- Other names: Malresorptive hydrocephalus
- Specialty: Neurology

= Normal pressure hydrocephalus =

Buildup of cerebrospinal fluid in the brain

Normal pressure hydrocephalus (NPH), also called malresorptive hydrocephalus, is a form of communicating hydrocephalus in which excess cerebrospinal fluid (CSF) builds up in the ventricles, leading to normal or slightly elevated cerebrospinal fluid pressure. The fluid build-up causes the ventricles to enlarge and the pressure inside the head to increase, compressing surrounding brain tissue and leading to neurological complications. Although the cause of idiopathic (also referred to as primary) NPH remains unclear, it has been associated with various co-morbidities including hypertension, diabetes mellitus, Alzheimer's disease, and hyperlipidemia. Causes of secondary NPH include trauma, hemorrhage, or infection. The disease presents in a classic triad of symptoms, which are memory impairment, urinary frequency, and balance problems/gait deviations (note: use of this triad as the diagnostic method is obsolete; the triad symptoms appear at a relatively late stage, and each of the three can be caused by a number of other conditions). The disease was first described by Salomón Hakim and Raymond Adams in 1965.

The usual treatment is surgical placement of a ventriculoperitoneal shunt to drain excess CSF into the lining of the abdomen where the CSF will eventually be absorbed. An alternate, less invasive treatment is endoscopic third ventriculostomy. NPH is often misdiagnosed as other conditions including Meniere's disease (due to balance problems), Parkinson's disease (due to gait) or Alzheimer's disease (due to cognitive dysfunction).

==Signs and symptoms==
NPH exhibits a classic triad of clinical findings (known as the Adams triad or Hakim's triad). The triad consists of walking difficulty, reduced attention span, and urinary frequency or incontinence. Symptoms present insidiously over the course of 3–6 months.
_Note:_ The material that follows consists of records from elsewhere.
(* Let $r\ge2$, $n\ge2r$, and let $H\subseteq\binom{\Omega_n}{r}$ be $M_1^{(r)}$-saturated. Then there exist $\ell\ge1$ and distinct vertices $w_1,\dots,w_{2\ell+1}\in\Omega_n$ with $w_1<w_3<w_5<\dots<w_{2\ell+1}<w_2<w_4<\dots<w_{2\ell}<w_1$ (clockwise cyclic order) such that $\lambda(w_i)=w_{i+1}$ and $\rho(w_i)=w_{i-1}$ for all $i$, with indices taken mod $2\ell+1$.
   Context: $\Omega_n=\{v_0,\dots,v_{n-1}\}$ with cyclic order $v_0<\dots<v_{n-1}<v_0$, indices mod $n$. For distinct vertices $u,w$, $(u,w)$ is the set of vertices strictly between $u$ and $w$ moving clockwise from $u$ to $w$ and $[u,w]=(u,w)\cup\{u,w\}$. An $r$-cgh $H\subseteq\binom{\Omega_n}{r}$ is $M_1^{(r)}$-saturated if there are no edges $h_1,h_2\in H$ and vertices $u\neq u'$ with $h_1\subseteq[u,u']$ and $h_2\cap[u,u']=\emptyset$, but for every $e\in\binom{\Omega_n}{r}\setminus H$ such a pair exists in $H\cup\{e\}$. In such $H$ every vertex lies in an edge. $\lambda(v_i)$ is the vertex $u$ such that some $h\in H$ with $v_i\in h$ satisfies $h\subseteq[u,v_i]$, while no $h\in H$ with $v_i\in h$ satisfies $h\subseteq[u',v_i]$, $u'$ the clockwise successor of $u$. $\rho(v_i)$ is the vertex $u$ such that some $h\in H$ with $v_i\in h$ satisfies $h\subseteq[v_i,u]$ but none with $h\subseteq[v_i,u'']$, $u''$ the clockwise predecessor of $u$. *)

From mathcomp Require Import all_boot.
Set Implicit Arguments. Unset Strict Implicit. Unset Printing Implicit Defensive.

(* Omega_n is 'I_n; clockwise successor of v_i is v_{i+1 mod n}. *)

(* Closed clockwise interval [u,w] = {u, u+1, ..., w} (indices mod n). *)
Definition cint (n : nat) (u w : 'I_n) : {set 'I_n} :=
  [set x : 'I_n | (x + n - u) %% n <= (w + n - u) %% n].

Definition csucc (n : nat) (u : 'I_n) : 'I_n := ordS u.
Definition cpred (n : nat) (u : 'I_n) : 'I_n := ord_pred u.

(* H contains a copy of M_1: h1 inside [u,u'], h2 disjoint from [u,u'] *)
Definition has_M1 (n : nat) (H : {set {set 'I_n}}) : Prop :=
  exists h1 h2 (u u' : 'I_n),
    [/\ h1 \in H, h2 \in H, u != u', h1 \subset cint u u'
      & [disjoint h2 & cint u u']].

Definition M1_saturated (n r : nat) (H : {set {set 'I_n}}) : Prop :=
  ~ has_M1 H /\
  forall e : {set 'I_n}, #|e| = r -> e \notin H -> has_M1 (e |: H).

Definition is_lambda (n : nat) (H : {set {set 'I_n}}) (v u : 'I_n) : bool :=
  [exists h in H, (v \in h) && (h \subset cint u v)] &&
  ~~ [exists h in H, (v \in h) && (h \subset cint (csucc u) v)].

Definition is_rho (n : nat) (H : {set {set 'I_n}}) (v u : 'I_n) : bool :=
  [exists h in H, (v \in h) && (h \subset cint v u)] &&
  ~~ [exists h in H, (v \in h) && (h \subset cint v (cpred u))].

Definition lam (n : nat) (H : {set {set 'I_n}}) (v : 'I_n) : 'I_n :=
  odflt v [pick u | is_lambda H v u ].
Definition rho (n : nat) (H : {set {set 'I_n}}) (v : 'I_n) : 'I_n :=
  odflt v [pick u | is_rho H v u ].

Definition cyc_ordered (n : nat) (s : seq 'I_n) : Prop :=
  exists k, sorted ltn (map val (rot k s)).

(* for w : 'I_(2l+1) -> 'I_n (w_1..w_{2l+1} of the paper are w 0 .. w 2l),
   the sequence w_1, w_3, ..., w_{2l+1}, w_2, w_4, ..., w_{2l} *)
Definition odd_even_seq (n l : nat) (w : 'I_(2 * l).+1 -> 'I_n) : seq 'I_n :=
  [seq w (inord (2 * j)) | j <- iota 0 l.+1] ++
  [seq w (inord (2 * j + 1)) | j <- iota 0 l].

(* For a vertex [a], [reach a] is the length of the shortest arc starting at
   [a] that contains an edge.  Absence of M_1 together with saturation shows
   that exactly one of an arc and its complement contains an edge; this gives
   the duality [reach a <= k <-> n - k < reach (a + k)] and the formulas
   [rho v = v + reach v - 1] and [lam v = v + reach (v + 1)].
   The pivots are the vertices [c] with [reach c <= reach (c + 1)].  [lam]
   maps pivots to pivots, [rho] undoes [lam] on them, and [lam (lam c)] is the
   next pivot clockwise after [c].  On the ranks of the pivots (listed in
   increasing order) [lam] is thus a square root of the rotation by one, which
   forces [2l+1] pivots with [lam] advancing ranks by [l+1]; the pivot of rank
   [i(l+1) mod (2l+1)] is the vertex w_(i+1) of the statement. *)

From mathcomp Require Import all_boot zify.
Set Implicit Arguments. Unset Strict Implicit. Unset Printing Implicit Defensive.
The triad is considered obsolete for diagnostic purposes and newer guidelines are available.

Gait deviations/balance problems are present in nearly all NPH patients and are typically the first presenting symptom. This is caused by expansion of the lateral ventricles, which can impinge on the corticospinal tract motor fibers. The typical gait abnormality in NPH is a broad-based, slow, short-stepped, "stuck to the floor", or "magnetic" movement. The gait abnormalities in NPH may bear resemblance to a gait associated with Parkinson's disease. The gait deviation can be classified as mild, marked, or severe: "marked" is when the patient has difficulty walking because of considerable instability; "severe" is when it is not possible for the patient to walk without aids (such as a cane or a wheeled walker). An associated tremor of the hands, legs, or feet can be seen in up to 40% of NPH patients.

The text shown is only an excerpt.